Pointing at the words on the display, I said, “I think I’ve seen something like that in documentation on Old World technology. I don’t exactly remember what it means, but I don’t believe we currently use it, as it probably requires some of those microcomponents we can’t manufacture anymore. If it uses something like that, I don’t think any of our current technology could make any sense of what this radio uses, even without encoding.”

“So why put a C-mod on it? It’s clearly newer than the Dash 107, so it wasn’t original to the unit issue. Because they could?”

“Because there is someone else out there who might be able to interpret the signal?”

“And they know it and are worried about it,” Mara said finally. “So, not counting us, there are at least two groups with significant amounts of Old World tech, and like us, they are trying to stay unnoticed; unlike us, though, they’re a lot better at it as we are now a clear target. I’ve made some terrible mistakes…using Ceedo as the name is probably the worst.”

“Well, what about Clea’s idea to spread false information about how we got this technology? Shouldn’t that affect other groups as well?”

She looked thoughtful, “It should,” she said. Turning back to the device, she opened its access panel and removed a component from inside it. ”That’s the Echo module. We can take the Dash 107 to the surface now, and it won’t be trackable until it sends a transmission.”

“You have a plan?”

“I do; we’re going to need a Gut and an Assult drone for it. Also, we need to get one of the tunnelers up and running.”

“The machines that dug the bunker?”

“There are two of them, and they’re under that wall of dirt at the far end of the warehouse. They’re automated and would have been abandoned after they’d finished their jobs, but with some repairs and power, they should still work.”

“Why do we need one?”

“Do you think all the materials and supplies R-34 has were brought in from the top? This place was made from the bottom up. The last job those tunnelers had was to collapse the lower access, and we’re going to need to dig some new tunnels.”

“What if any of these other groups show up?”

“Then we do the best we can, but…they clearly like stealth and to stay in the shadows. They will come in quietly to see what they can see first.”

She closed up the transceiver and looked at me, “We need to get that tunneler…you need to get that tunneler in operation.”

“Me?” I was surprised.

“I am generally familiar with what they are and how they work, and I understand the universal things that any soldier would know about their forces’ equipment, and I can read a manual.
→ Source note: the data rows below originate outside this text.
Definition seq_contraction (c c0 : 'I_4 -> 'I_4 -> 'cV[R]_4) :=
  exists U : nat -> 'M[R]_4,
    (forall p, U p \in unitmx) /\
    exists f : 'cV[R]_4 -> 'cV[R]_4 -> 'cV[R]_4,
      (forall x y, (fun p => invmx (U p) *m lie_br c (U p *m x) (U p *m y))
                     @ \oo --> f x y) /\
      iso_to f c0.

Definition not_contraction (c c0 : 'I_4 -> 'I_4 -> 'cV[R]_4) :=
  ~ cont_contraction c c0 /\ ~ seq_contraction c c0.

End LieDefs.

From HB Require Import structures.
From mathcomp Require Import all_boot all_order all_algebra.
From mathcomp Require Import all_classical all_reals all_analysis.
From mathcomp Require Import ring lra.
Set Implicit Arguments. Unset Strict Implicit. Unset Printing Implicit Defensive.
Import Order.TTheory GRing.Theory Num.Theory.
Import numFieldNormedType.Exports.
Local Open Scope classical_set_scope.
Local Open Scope ring_scope.

(* For real a, b, the function N |-> a (tr N)^2 + b tr (N^2) is invariant under
   conjugation and continuous.  Along a contraction, the matrix of ad_0 x in the
   limit algebra is a limit of conjugates of ad (U_t x) in g, so the closed
   condition "a (tr ad y)^2 + b tr (ad y)^2 >= 0 for all y" passes from g to every
   contraction of g.  Each pair is separated by such a form: tr (ad y)^2 <= 0 on
   so(3)+A_1 and A_{4.9}^0, tr (ad y)^2 >= 0 on A_{4.8}^{-1},
   (tr ad y)^2 >= 2 tr (ad y)^2 on A_{4.10} and 2 tr (ad y)^2 >= (tr ad y)^2 on
   2A_{2.1}, whereas a single basis vector of g_0 violates the inequality. *)

Section AdForm.
Variables (R : numFieldType) (n : nat).

Definition ad_form (a b : R) (N : 'M[R]_n) := a * (\tr N) ^+ 2 + b * \tr (N *m N).

Lemma ad_form_conj a b (N V : 'M[R]_n) : V \in unitmx ->
  ad_form a b (invmx V *m N *m V) = ad_form a b N.
Proof.
move=> Vu; have sqr_conj : (invmx V *m N *m V) *m (invmx V *m N *m V)
                          = invmx V *m (N *m N) *m V.
  by rewrite !mulmxA mulmxK // !mulmxA.
by rewrite /ad_form sqr_conj !(mxtrace_mulC _ V) !mulKVmx.
Qed.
But I’m not a combat engineer or a mechanic or any kind of tech, really. Most of the stuff you see me doing is pretty damn basic. You’re trained on how to understand technology and why it does what it does…and with all the work you’ve been doing here, you have at least as much familiarity as a recruit out of basic training on the general principles it works on, to be honest probably a lot more familiarity because you bother to pay attention to what you’re doing and what it means.”

She turned and headed out of her workshop, “Let’s take a look at your new project.”

Heading up the stairs that led directly from the workshops on SM to the warehouse, we headed to the far wall, which was solid dirt and compressed by time settling it down.